The above-mentioned crimes, committed in violation of health and safety regulations, are punished with increased penalties compared to the same crimes but committed in ordinary contexts. Over the years, the application of the law has unfortunately not been unequivocal: jurisprudence has been divided on the legal nature of the obligation or burden of work organisation. In too many cases, there has been a tendency to consider compliance as a burden and not as an obligation, reducing companies’ liability.
Is it enough to provide equipment for workers in order to ensure their safety?
The answer is not trivial, a pure and simple statement is not sufficient in such a regulated and therefore complex field.
Certainly, providing equipment to workers is at the heart of an employer’s duties/obligations, as is adequate and non-optional maintenance of equipment. However, the suitability of machinery and tools is considered just as important by the regulations as is the adaptation of equipment to the evolution of technology.

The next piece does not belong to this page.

(* Let $*\in\{s,w\}$. 1. For every matroid $M$ (an element of $\operatorname{Gr}(r,\mathbb{K}^n)$), the realization spaces $\operatorname{Real}^*_{\triangle}(M)$ and $\operatorname{Real}_{\mathcal{T}\triangle}(M)$ are contractible. These are taken with respect to the unique morphisms $\triangle\to\mathbb{K}$ and $\mathcal{T}\triangle\to\mathbb{K}$. 2. For every oriented matroid $M$ (an element of $\operatorname{Gr}(r,\mathbb{S}^n)$), $\operatorname{Real}_{\mathcal{T}\mathbb{R}}(M)$ is contractible. This is taken with respect to $\operatorname{ph}:\mathcal{T}\mathbb{R}\to\mathbb{S}$. 3. For every $M\in\operatorname{Gr}^*(r,\Phi^n)$, $\operatorname{Real}^*_{\mathcal{T}\mathbb{C}}(M)$ is contractible. This is taken with respect to $\operatorname{ph}:\mathcal{T}\mathbb{C}\to\Phi$. In particular all these realization spaces are nonempty.
   Context: Hyperfields. A hyperfield $(F,\odot,\boxplus,1,0)$ has the following data and axioms. - $\odot$ is a commutative multiplication and $\boxplus$ is a hyperaddition assigning to each $x,y$ a nonempty subset $x\boxplus y\subseteq F$ (extended to subsets by unions). - $\boxplus$ is commutative and associative, and $x\boxplus 0=\{x\}$. - Each $x$ has a unique $-x$ with $0\in x\boxplus(-x)$, and $x\in y\boxplus z \iff z\in x\boxplus(-y)$. - $(F\setminus\{0\},\odot,1)$ is an abelian group $F^\times$, $0\odot x=0$, and $x\odot(y\boxplus z)=(x\odot y)\boxplus(x\odot z)$. A homomorphism (morphism) $h$ satisfies $h(0)=0$, $h(1)=1$, $h(xy)=h(x)h(y)$ and $h(x\boxplus y)\subseteq h(x)\boxplus h(y)$. Hyperfields, all with multiplication that of $\mathbb{C}$. - $\mathbb{K}=\{0,1\}$ with $1\boxplus1=\{0,1\}$. - $\mathbb{S}=\{-1,0,1\}$ with $1\boxplus1=\{1\}$, $(-1)\boxplus(-1)=\{-1\}$, $1\boxplus(-1)=\{-1,0,1\}$. - $\Phi=S^1\cup\{0\}$ with $a\boxplus a=\{a\}$ and $a\boxplus(-a)=S^1\cup\{0\}$; for $b\ne\pm a$, $a\boxplus b$ is the shortest closed arc joining $a,b$. - $\triangle=\mathbb{R}_{\ge0}$ with $a\boxplus b=[|a-b|,a+b]$. - $\mathcal{T}\triangle=\mathbb{R}_{\ge0}$ with $a\boxplus b=\{\max(a,b)\}$ if $a\ne b$, and $a\boxplus a=[0,a]$. - $\mathcal{T}\mathbb{R}=\mathbb{R}$ with $a\boxplus b=\{a\}$ if $|a|>|b|$ or $a=b$, and $a\boxplus(-a)=[-|a|,|a|]$. - $\mathcal{T}\mathbb{C}=\mathbb{C}$ with: $a\boxplus b=\{a\}$ if $|a|>|b|$; $a\boxplus(-a)=\{x:|x|\le|a|\}$; if $|a|=|b|$ and $b\ne-a$, $a\boxplus b$ is the shortest closed arc from $a$ to $b$ on the circle of radius $|a|$. $\triangle,\mathcal{T}\triangle,\mathcal{T}\mathbb{R},\mathcal{T}\mathbb{C}$ are topologized with the Euclidean topology. Equivalently, the resulting realization spaces are the same if one uses the 0-coarse topology, whose open sets are the whole space and the Euclidean-open sets not containing $0$. $\operatorname{ph}(x)=x/|x|$ for $x\ne0$, and $\operatorname{ph}(0)=0$. The unique morphism to $\mathbb{K}$ sends $0\mapsto0$ and nonzero elements to $1$. Grassmannians. A strong Grassmann–Plücker (GP) function of rank $r$ on $E=\{1,\dots,n\}$ is a function $\varphi:E^r\to F$ with the following properties. - $\varphi$ is not identically $0$. - $\varphi$ is alternating. - For all $(i_1,\dots,i_{r+1})\in E^{r+1}$ and $(j_1,\dots,j_{r-1})\in E^{r-1}$: $$0\in\boxplus_{k=1}^{r+1}(-1)^k\varphi(i_1,\dots,\widehat{i_k},\dots,i_{r+1})\odot\varphi(i_k,j_1,\dots,j_{r-1}).$$ A weak GP function is a function $\varphi:E^r\to F$ with the following properties. - $\varphi$ is nonzero and alternating. - Its support is the set of bases of a matroid. - The relation holds whenever $|\{i\}\setminus\{j\}|=3$. $\operatorname{Gr}^s$ and $\operatorname{Gr}^w$ are the sets of classes modulo $\varphi\sim\alpha\varphi$, $\alpha\in F^\times$. For $\mathbb{K},\mathbb{S},\mathcal{T}\mathbb{R},\mathcal{T}\triangle$ strong and weak coincide, and one writes $\operatorname{Gr}$ and $\operatorname{Real}$. The topology is the subspace topology of $(F^{E^r}\setminus\{0\})/F^\times$, which carries the product and quotient topologies. Realization spaces. For a morphism $f:F\to F'$ and $M\in\operatorname{Gr}^*(r,F'^n)$, $\operatorname{Real}^*_F(M)$ is the preimage of $M$ under $[\varphi]\mapsto[f\circ\varphi]$, with the subspace topology of $\operatorname{Gr}^*(r,F^n)$. *)

From Stdlib Require Import Reals List Arith.
Import ListNotations.
Open Scope R_scope.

Riportiamo di seguito un pronunciamento della Cassazione penale , sez. IV , 27/10/2021 , n. 41147
On the subject of accidents at work, the liability of the manufacturer, in the event that the harmful event is caused by the non-observance of accident prevention precautions in the design and manufacture of the machine, does not exclude the liability of the employer, who has the obligation to eliminate sources of danger for employees who must use that machine and to adopt all the most modern tools that technology offers to ensure the safety of workers; an exception may be made to that rule only in the event that the ascertainment of an element of danger is rendered impossible by the special characteristics of the machine or by the design defect, which do not permit its existence to be ascertained with ordinary diligence. (Case in point, relating to a machine known as a ‘flattening and cross-cutting banding line’, purchased ten years before the accident and equipped with the CE mark and a mechanism for segregating the dangerous moving parts, which could be easily opened, but lacked an automatic locking system for the moving parts, in which the Court held that the employer’s liability for the injuries sustained by a worker while he was cleaning it was immune from censure, for not having adapted the safety standards in the light of technological progress and not having installed automatic locking mechanisms).

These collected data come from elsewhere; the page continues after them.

Lemma nf_addACA (a b c d : F) : (a + b) + (c + d) = (a + c) + (b + d).
Proof. rewrite <- !nf_addA; f_equal; rewrite !nf_addA; f_equal; apply nf_addC. Qed.

Lemma nf_oppr0 : - 0 = (0 : F).
Proof. rewrite <- (nf_addr0 (- 0)); apply nf_addN. Qed.

Lemma nf_mulr0 (a : F) : a * 0 = 0.
Proof. apply (@nf_addrI (a * 0)); rewrite <- nf_mulDr, !nf_addr0; reflexivity. Qed.

Lemma nf_mul0r (a : F) : 0 * a = 0.
Proof.
  destruct (classic (a = 0)) as [->|Ha]; [apply nf_mulr0|].
  apply NNPP; intro H; apply (nf_mul_neq0 H (nf_inv_neq0 Ha)).
  rewrite <- nf_mulA, nf_mulVr, nf_mul1r by exact Ha; reflexivity.
Qed.

Lemma nf_mulrI (a b c : F) : a <> 0 -> a * b = a * c -> b = c.
Proof.
  intros Ha H.
  rewrite <- (nf_mul1l b), <- (nf_mul1l c), <- (nf_mulVl Ha), <- !nf_mulA, H.
  reflexivity.
Qed.

Lemma nf_mulIr (a b c : F) : a <> 0 -> b * a = c * a -> b = c.
Proof.
  intros Ha H.
  rewrite <- (nf_mul1r b), <- (nf_mul1r c), <- (nf_mulVr Ha), !nf_mulA, H.
  reflexivity.
Qed.

Lemma nf_mul_eq0 (a b : F) : a * b = 0 -> a = 0 \/ b = 0.
Proof.
  intro H; destruct (classic (a = 0)); auto; destruct (classic (b = 0)); auto.
  exfalso; exact (nf_mul_neq0 H0 H1 H).
Qed.

Lemma nf_mulKV (a b : F) : a <> 0 -> b * nf_inv a * a = b.
Proof. intro Ha; rewrite <- nf_mulA, nf_mulVl, nf_mul1r by exact Ha; reflexivity. Qed.

Lemma nf_mulVK (a b : F) : a <> 0 -> b * a * nf_inv a = b.
Proof. intro Ha; rewrite <- nf_mulA, nf_mulVr, nf_mul1r by exact Ha; reflexivity. Qed.

Lemma nf_invr1 : nf_inv 1 = (1 : F).
Proof. rewrite <- (nf_mul1r (nf_inv 1)); apply nf_mulVl, nf_one_neq0. Qed.

Lemma nf_mulrN1 (a : F) : a * - (1) = - a.
Proof.
  apply (@nf_addrI a); rewrite <- (nf_mul1r a) at 1.
  rewrite <- nf_mulDr, !nf_addrN; apply nf_mulr0.
Qed.

Lemma nf_mulN1N1 : - (1) * - (1) = (1 : F).
Proof.
  rewrite nf_mulrN1; apply (@nf_addrI (- (1))); rewrite nf_addN, nf_addrN; reflexivity.
Qed.

Lemma nf_sqr_eq1 (y : F) : y * y = 1 -> y = 1 \/ y = - (1).
Proof.
  intro H; destruct (classic (y + 1 = 0)) as [H0|H0].
  - right; apply (@nf_addIr 1); rewrite H0, nf_addN; reflexivity.
  - left; apply (nf_mulIr H0).
    rewrite nf_mulDr, H, nf_mul1r, nf_mul1l, nf_addC; reflexivity.
Qed.

(* [-1 * x = x * y] with [y := x^-1 * -1 * x], and [y * y = 1] forces [y = 1] or
   [y = -1]; in the first case [-1 = 1]. *)
Lemma nf_mulN1r (x : F) : - (1) * x = - x.
Proof.
  destruct (classic (x = 0)) as [->|Hx]; [rewrite nf_mulr0, nf_oppr0; reflexivity|].
  set (y := nf_inv x * - (1) * x).
  assert (Hxy : - (1) * x = x * y).
  { unfold y; rewrite !nf_mulA, nf_mulVr, nf_mul1l by exact Hx; reflexivity. }
  assert (Hy : y * y = 1).
  { unfold y; rewrite !nf_mulA, nf_mulVK by exact Hx.
    rewrite <- (nf_mulA (nf_inv x)), nf_mulN1N1, nf_mul1r; apply nf_mulVl, Hx. }
  rewrite Hxy; destruct (nf_sqr_eq1 Hy) as [Hy1|HyN1]; rewrite ?HyN1; [|apply nf_mulrN1].
  rewrite Hy1, nf_mul1r in Hxy |- *; rewrite <- (nf_mul1l x) in Hxy at 2.
  apply nf_mulIr in Hxy; [|exact Hx]; rewrite <- nf_mulrN1, Hxy, nf_mul1r; reflexivity.
Qed.

Lemma phi1 (x : F) : phi 1 x = x.
Proof. unfold phi; rewrite nf_invr1, nf_mul1l, nf_mul1r; reflexivity. Qed.

Lemma phiM (g x y : F) : g <> 0 -> phi g (x * y) = phi g x * phi g y.
Proof.
  intro Hg; unfold phi; rewrite !nf_mulA; f_equal.
  rewrite <- (nf_mulA _ g), nf_mulVr, nf_mul1r by exact Hg; reflexivity.
Qed.

Lemma phi_inj (g x y : F) : g <> 0 -> phi g x = phi g y -> x = y.
Proof.
  intros Hg H; apply (nf_mulIr Hg), (nf_mulrI (nf_inv_neq0 Hg)).
  rewrite !nf_mulA; exact H.
Qed.

Lemma phi_conjK (g x : F) : g <> 0 -> phi g (g * x * nf_inv g) = x.
Proof.
  intro Hg; unfold phi; rewrite !nf_mulA, nf_mulKV, nf_mulVl, nf_mul1l by exact Hg.
  reflexivity.
Qed.

End NearField.

Section MultAut.
Variable F : nearField.
Local Notation "a * b" := (nf_mul a b).
Local Notation "- a" := (nf_opp a).
Local Notation "0" := (nf_zero F).
Local Notation "1" := (nf_one F).
Variable f : F -> F.
Hypothesis Hf : mult_aut f.

Lemma mult_aut_inj x y : f x = f y -> x = y.
Proof. apply (proj1 (proj1 Hf)). Qed.

Lemma mult_aut_surj y : exists x, f x = y.
Proof. apply (proj2 (proj1 Hf)). Qed.

Lemma mult_autM x y : f (x * y) = f x * f y.
Proof. apply (proj1 (proj2 Hf)). Qed.

Lemma mult_aut1 : f 1 = 1.
Proof. apply (proj2 (proj2 Hf)). Qed.

Lemma mult_aut0 : f 0 = 0.
Proof.
  destruct mult_aut_surj with 0 as [z Hz].
  transitivity (f (0 * z)); [rewrite nf_mul0r; reflexivity|].
  rewrite mult_autM, Hz; apply nf_mulr0.
Qed.

Lemma mult_aut_eq0 x : f x = 0 -> x = 0.
Proof. intro H; apply mult_aut_inj; rewrite H, mult_aut0; reflexivity. Qed.

Lemma mult_autN1 : f (- (1)) = - (1).
Proof.
  assert (Hsq : f (- (1)) * f (- (1)) = 1)
    by (rewrite <- mult_autM, nf_mulN1N1; apply mult_aut1).
  destruct (nf_sqr_eq1 Hsq) as [H1|H1]; [|exact H1].
  assert (HN1 : - (1) = 1) by (apply mult_aut_inj; rewrite H1, mult_aut1; reflexivity).
  rewrite H1, HN1; reflexivity.
Qed.

Lemma finvK y : f (finv f y) = y.
Proof. apply (epsilon_spec (inhabits 0) (fun x => f x = y)), mult_aut_surj. Qed.

Lemma finv_eq x y : f x = y -> finv f y = x.
Proof. intro H; apply mult_aut_inj; rewrite finvK; symmetry; exact H. Qed.

End MultAut.

Lemma mult_aut_comp (F : nearField) (f g : F -> F) :
  mult_aut f -> mult_aut g -> mult_aut (fun x => f (g x)).
Proof.
  intros Hf Hg; split; [split|split].
  - intros x y H; apply (mult_aut_inj Hg), (mult_aut_inj Hf), H.
  - intro y; destruct (mult_aut_surj Hf y) as [z <-].
    destruct (mult_aut_surj Hg z) as [x <-]; exists x; reflexivity.
  - intros a b; rewrite (mult_autM Hg), (mult_autM Hf); reflexivity.
  - rewrite (mult_aut1 Hg), (mult_aut1 Hf); reflexivity.
Qed.

Definition classic_eq_dec (A : Type) (x y : A) : {x = y} + {x <> y} :=
  excluded_middle_informative (x = y).

Section Fsr.
Variables (F : nearField) (I : Type) (sigma rho : I -> F -> F).
Hypotheses (Hsigma : forall i, mult_aut (sigma i)) (Hrho : forall i, mult_aut (rho i)).
Local Notation "a + b" := (nf_add a b).
Local Notation "a * b" := (nf_mul a b).
Local Notation "- a" := (nf_opp a).
Local Notation "0" := (nf_zero F).
Local Notation "1" := (nf_one F).
Local Notation vadd := (Fsr_add sigma).
Local Notation smul := (Fsr_smul rho).
Local Notation vzero := (@Fsr_zero F I).
Local Notation vsum := (vsum vadd vzero).

Definition theta (i : I) (x : F) : F := sigma i (rho i x).

Lemma mult_aut_theta i : mult_aut (theta i).
Proof. exact (mult_aut_comp (Hsigma i) (Hrho i)). Qed.

Lemma sigma_Fsr_add u v i : sigma i (vadd u v i) = sigma i (u i) + sigma i (v i).
Proof. apply finvK, Hsigma. Qed.

Lemma sigma_Fsr_smul c u i : sigma i (smul c u i) = theta i c * sigma i (u i).
Proof. unfold theta; apply mult_autM, Hsigma. Qed.

Lemma sigma_Fsr_smul_rho a x u i : rho i x = u i -> sigma i (smul a u i) = theta i (a * x).
Proof.
  intro Hx; unfold Fsr_smul, theta; rewrite <- Hx, (mult_autM (Hrho i)); reflexivity.
Qed.

Lemma sigma_Fsr_oppr v i : sigma i (smul (- (1)) v i) = - sigma i (v i).
Proof.
  rewrite sigma_Fsr_smul, (mult_autN1 (mult_aut_theta i)); apply nf_mulN1r.
Qed.

Lemma Fsr_ext u v : (forall i, sigma i (u i) = sigma i (v i)) -> u = v.
Proof. intro H; extensionality i; apply (mult_aut_inj (Hsigma i)), H. Qed.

What measures should be taken to provide a rapid and effective response to this emergency?
It would be enough to put into practice all the regulatory precepts in force in our country, but this requires a culture of safety on the part of those who must guarantee it. Employers very often judge the issue as an unnecessary frill and a disproportionate expense compared to the benefits.
In some cases even workers, feeling confident in the skills they have acquired over time, do not correctly adapt to the instructions given to them by company safety figures, committing serious errors that negatively affect their health and of their colleagues.
The numerous and continuous training courses do not seem to bear the desired results.
In this context, it is therefore necessary to intervene with internal and external controls, inspections and sanctions, as well as certain and severe penalties for offenders.
As written at the beginning, synergy between the actors is crucial, everyone is called upon to play his or her part in such a complex context as occupational health and safety.